As far as your snowmobile observation goes, Michigan does not have a law regarding passengers on snowmobiles. Usually if it is designed for one person, that is all the seat will hold comfortably. I can honestly say I have never seen more than 2 people on a snowmobile where I have seen as many as 5 people on an ORV. Remember, snowmobiles are a lot lower to the ground than most ORV's and are less prone to rolling over or flipping over.


----------



## MUDDY4LIFE (Apr 13, 2001)

One other thing to remember is that when you have a passenger on a ATV that is actually designed from the manufacture for two-up operation, the passengers body weight is in FRONT of the rear axle.

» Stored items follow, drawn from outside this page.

Definition det_weight (g : {ffun X -> Y}) : R := \prod_x P x (g x).

Lemma det_weight_ge0 g : (forall x y, 0 <= P x y) -> 0 <= det_weight g.
Proof. by move=> P_ge0; apply: prodr_ge0 => x _. Qed.

Hypothesis P_sum1 : forall x, \sum_y P x y = 1.

Lemma sum_det_weight : \sum_g det_weight g = 1.
Proof. by rewrite -(@bigA_distr_bigA R 0 1 *%R +%R X Y); apply: big1. Qed.

(* Expand [\prod_x \sum_y P' x y] with [P' x0 y = P x0 y * (y == y0)] and [P' x = P x] elsewhere. *)
Lemma det_weight_mixture x0 y0 :
  P x0 y0 = \sum_g det_weight g * (g x0 == y0)%:R.
Proof.
have := @bigA_distr_bigA R 0 1 *%R +%R X Y
  (fun x y => P x y * (if x == x0 then (y == y0)%:R else 1)).
rewrite (bigD1 x0) //= eqxx [X in _ * X = _ -> _]big1; last first.
  by move=> x /negbTE ->; under eq_bigr do rewrite mulr1.
rewrite mulr1 (bigD1 y0) //= eqxx mulr1 [X in _ + X = _ -> _]big1 ?addr0; last first.
  by move=> y /negbTE ->; rewrite mulr0.
move=> ->; apply: eq_bigr => g _; rewrite big_split /=; congr (_ * _).
by rewrite (bigD1 x0) //= eqxx big1 ?mulr1 // => x /negbTE ->.
Qed.

End DeterministicMixture.

Section LocalResponses.
Variables (R : realFieldType) (n : nat) (c : 'I_n -> nat) (d : nat) (J : {set 'I_n}).

Definition local_product (P : input_on c J -> output_on d J -> R)
    (Q : input_on c (~: J) -> output_on d (~: J) -> R) (s : input c) (m : output n d) : R :=
  P (res_in s) (res_out J m) * Q (res_in s) (res_out (~: J) m).

Definition det_response (K : {set 'I_n}) (r : input_on c K -> output_on d K)
    (sK : input_on c K) (mK : output_on d K) : R :=
  (mK == r sK)%:R.

Lemma cond_distr_det_response K (r : input_on c K -> output_on d K) :
  cond_distr (det_response r).
Proof.
move=> sK; split=> [mK|]; first exact: ler0n.
by rewrite /det_response (bigD1 (r sK)) //= eqxx big1 ?addr0 // => mK /negbTE ->.
Qed.

(* A finite copy of the function type [input_on c K], so that deterministic local
   strategies range over a finite type. *)
Definition input_tuple (K : {set 'I_n}) := {dffun forall j : parties K, 'I_(c (val j))}.
Definition tuple_of_input K (sK : input_on c K) : input_tuple K := [ffun j => sK j].
Definition input_of_tuple K (x : input_tuple K) : input_on c K := fun j => x j.

Lemma tuple_of_inputK K : cancel (@tuple_of_input K) (@input_of_tuple K).
Proof.
by move=> sK; apply: functional_extensionality_dep => j; rewrite /input_of_tuple ffunE.
Qed.

Definition det_strategy_weight K (P : input_on c K -> output_on d K -> R)
    (g : {ffun input_tuple K -> output_on d K}) : R :=
  det_weight (fun x => P (input_of_tuple x)) g.

Definition det_strategy K (g : {ffun input_tuple K -> output_on d K}) (sK : input_on c K) :=
  g (tuple_of_input sK).

Lemma cond_distr_mixture K (P : input_on c K -> output_on d K -> R) :
  cond_distr P -> forall sK mK,
  P sK mK = \sum_g det_strategy_weight P g * det_response (det_strategy g) sK mK.
Proof.
move=> HP sK mK; rewrite /det_strategy_weight -{1}(tuple_of_inputK sK).
rewrite (det_weight_mixture (P := fun x => P (input_of_tuple x))) => [|x].
  by apply: eq_bigr => g _; rewrite /det_response eq_sym.
by case: (HP (input_of_tuple x)).
Qed.

Lemma local_product_mixture P Q : cond_distr P -> cond_distr Q -> forall s m,
  local_product P Q s m =
  \sum_(gh : {ffun input_tuple J -> output_on d J} *
             {ffun input_tuple (~: J) -> output_on d (~: J)})
    det_strategy_weight P gh.1 * det_strategy_weight Q gh.2 *
    local_product (det_response (det_strategy gh.1)) (det_response (det_strategy gh.2)) s m.
Proof.
move=> HP HQ s m; rewrite /local_product (cond_distr_mixture HP) (cond_distr_mixture HQ).
rewrite big_distrlr pair_bigA /=.
by apply: eq_bigr => -[g h] _; rewrite mulrACA.
Qed.

End LocalResponses.

Section Correlators.
Variables (R : realFieldType) (n : nat) (c : 'I_n -> nat) (d : nat).
Hypothesis d_gt0 : (0 < d)%N.

Lemma correlator_of_mix (I : Type) (r : seq I) (a : I -> R)
    (p : input c -> output n d -> R) (p' : I -> input c -> output n d -> R) :
  (forall s m, p s m = \sum_(i <- r) a i * p' i s m) ->
  forall s k, correlator_of p s k = \sum_(i <- r) a i * correlator_of (p' i) s k.
Proof.
move=> pE s k; rewrite /correlator_of; under eq_bigr do rewrite pE.
by rewrite exchange_big; apply: eq_bigr => i _; rewrite mulr_sumr.
Qed.

Definition bilinear_of (J : {set 'I_n}) (r1 : input_on c J -> output_on d J)
    (r2 : input_on c (~: J) -> output_on d (~: J)) (s : input c) : 'I_d :=
  Ordinal (ltn_pmod (\sum_x (r1 (res_in s) x : nat) + \sum_y (r2 (res_in s) y : nat)) d_gt0).

Lemma bipartite_linear_of J r1 r2 : proper_part J -> bipartite_linear (@bilinear_of J r1 r2).
Proof.
move=> pJ; exists J, (fun sJ => Ordinal (ltn_pmod (\sum_x (r1 sJ x : nat)) d_gt0)).
exists (fun sK => Ordinal (ltn_pmod (\sum_y (r2 sK y : nat)) d_gt0)).
by split=> // s; rewrite /= modnDm.
Qed.

Lemma correlator_det_product J r1 r2 s k :
  correlator_of (local_product (det_response R r1) (det_response R r2)) s k =
  det_correlator R (@bilinear_of J r1 r2) s k.
Proof.
rewrite /correlator_of /local_product /det_response sum_indicator_glue sum_glue.
by rewrite /det_correlator eq_sym -val_eqE; case: eqP.
Qed.

End Correlators.

Section BilinearCone.
Variables (R : realFieldType) (n : nat) (c : 'I_n -> nat) (d : nat).

(* Unnormalised hull: [bilinear_cone 1] is exactly [in_hull_bilinear]. *)
Definition bilinear_cone (t : R) (q : input c -> 'I_d -> R) : Prop :=
  exists (N : nat) (w : 'I_N -> R) (f : 'I_N -> input c -> 'I_d),
    [/\ forall i, 0 <= w i, \sum_(i < N) w i = t,
        forall i, bipartite_linear (f i) &
        forall s k, q s k = \sum_(i < N) w i * det_correlator R (f i) s k].

Lemma bilinear_cone_eq t q q' :
  bilinear_cone t q -> (forall s k, q s k = q' s k) -> bilinear_cone t q'.
Proof.
by move=> [N [w [f [w0 wt fL qE]]]] qq'; exists N, w, f; split=> // s k; rewrite -qq'.
Qed.

Lemma bilinear_cone0 : bilinear_cone 0 (fun _ _ => 0).
Proof.
have f (i : 'I_0) : input c -> 'I_d by case: i => ? /[!ltn0].
by exists 0%N, (fun _ => 0), f; split=> [_||[]|s k]; rewrite ?big_ord0.
Qed.

Lemma bilinear_cone_det f : bipartite_linear f -> bilinear_cone 1 (det_correlator R f).
Proof.
exists 1%N, (fun _ => 1), (fun _ => f).
by split=> [_||//|s k]; rewrite ?ler01 ?big_ord1 ?mul1r.
Qed.

Lemma bilinear_coneZ a t q : 0 <= a -> bilinear_cone t q ->
  bilinear_cone (a * t) (fun s k => a * q s k).
Proof.
move=> a0 [N [w [f [w0 wt fL qE]]]]; exists N, (fun i => a * w i), f; split=> //.
- by move=> i; rewrite mulr_ge0.
- by rewrite -mulr_sumr wt.
- by move=> s k; rewrite qE mulr_sumr; apply: eq_bigr => i _; rewrite mulrA.
Qed.

Lemma bilinear_coneD t1 t2 q1 q2 : bilinear_cone t1 q1 -> bilinear_cone t2 q2 ->
  bilinear_cone (t1 + t2) (fun s k => q1 s k + q2 s k).
Proof.
move=> [N1 [w1 [f1 [w10 wt1 fL1 qE1]]]] [N2 [w2 [f2 [w20 wt2 fL2 qE2]]]].
pose pick T (x1 : 'I_N1 -> T) (x2 : 'I_N2 -> T) i :=
  match split i with inl i1 => x1 i1 | inr i2 => x2 i2 end.
exists (N1 + N2)%N, (pick _ w1 w2), (pick _ f1 f2); split.
- by move=> i; rewrite /pick; case: split.
- by rewrite big_split_ord /pick -wt1 -wt2; congr (_ + _); apply: eq_bigr => i _;
    rewrite ?(unsplitK (inl i)) ?(unsplitK (inr i)).
- by move=> i; rewrite /pick; case: split.
- move=> s k; rewrite big_split_ord qE1 qE2 /pick; congr (_ + _); apply: eq_bigr => i _;
    by rewrite ?(unsplitK (inl i)) ?(unsplitK (inr i)).
Qed.

Lemma bilinear_cone_comb (I : Type) {r : seq I} (a : I -> R)
    (F : I -> input c -> 'I_d -> R) :
  (forall i, 0 <= a i) -> (forall i, a i != 0 -> bilinear_cone 1 (F i)) ->
  bilinear_cone (\sum_(i <- r) a i) (fun s k => \sum_(i <- r) a i * F i s k).
Proof.
move=> a_ge0 FC; elim: r => [|i r IH].
  by rewrite big_nil; apply: bilinear_cone_eq bilinear_cone0 _ => s k; rewrite big_nil.
rewrite big_cons; apply: bilinear_cone_eq (bilinear_coneD _ IH) _ => [|s k]; last first.
  by rewrite big_cons.
have [->|ai0] := eqVneq (a i) 0.
  by apply: bilinear_cone_eq bilinear_cone0 _ => s k; rewrite mul0r.
by rewrite -{1}[a i]mulr1; apply: bilinear_coneZ; [exact: a_ge0 | exact: FC].
Qed.

End BilinearCone.

Section SvetlichnyInHull.
Variables (R : realFieldType) (n : nat) (c : 'I_n -> nat) (d : nat).
Hypothesis d_gt0 : (0 < d)%N.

Making for much safer hill climbing stability ect.

When you add a cargo box like your refering to on a single seat ATV not designed from the manufacture for two-up riding, the passengers body weight in now BEHIND the rear axle, making for a far much less stabile riding condition on hills ect.

Good luck!


----------



## outdoor_m_i_k_e (Feb 3, 2005)

Kolpin® Helmet Box

3-1/2 cu. ft. of on-the-trail storage
Water- and dust-resistant cargo protection
Waterproof seat cushion and back rest
Two beverage holders
On-the-trail storage for two helmets or other incidentals with nearly 3-1/2 cu ft. of water- and dust-resistant storage space. Provides a comfortable resting seat when your stopped; *not meant as a passenger seat*. Waterproof 18"W x 13"L seat cushion with a 13" high back rest. Features large handholds and two handy beverage holders. Rubber latches with stainless steel cleats secure the storage compartment. The box mounts solidly with four stainless steel U-bolts and sealing washers. 
Dimensions: 37"W x 25"D x 17"H.


----------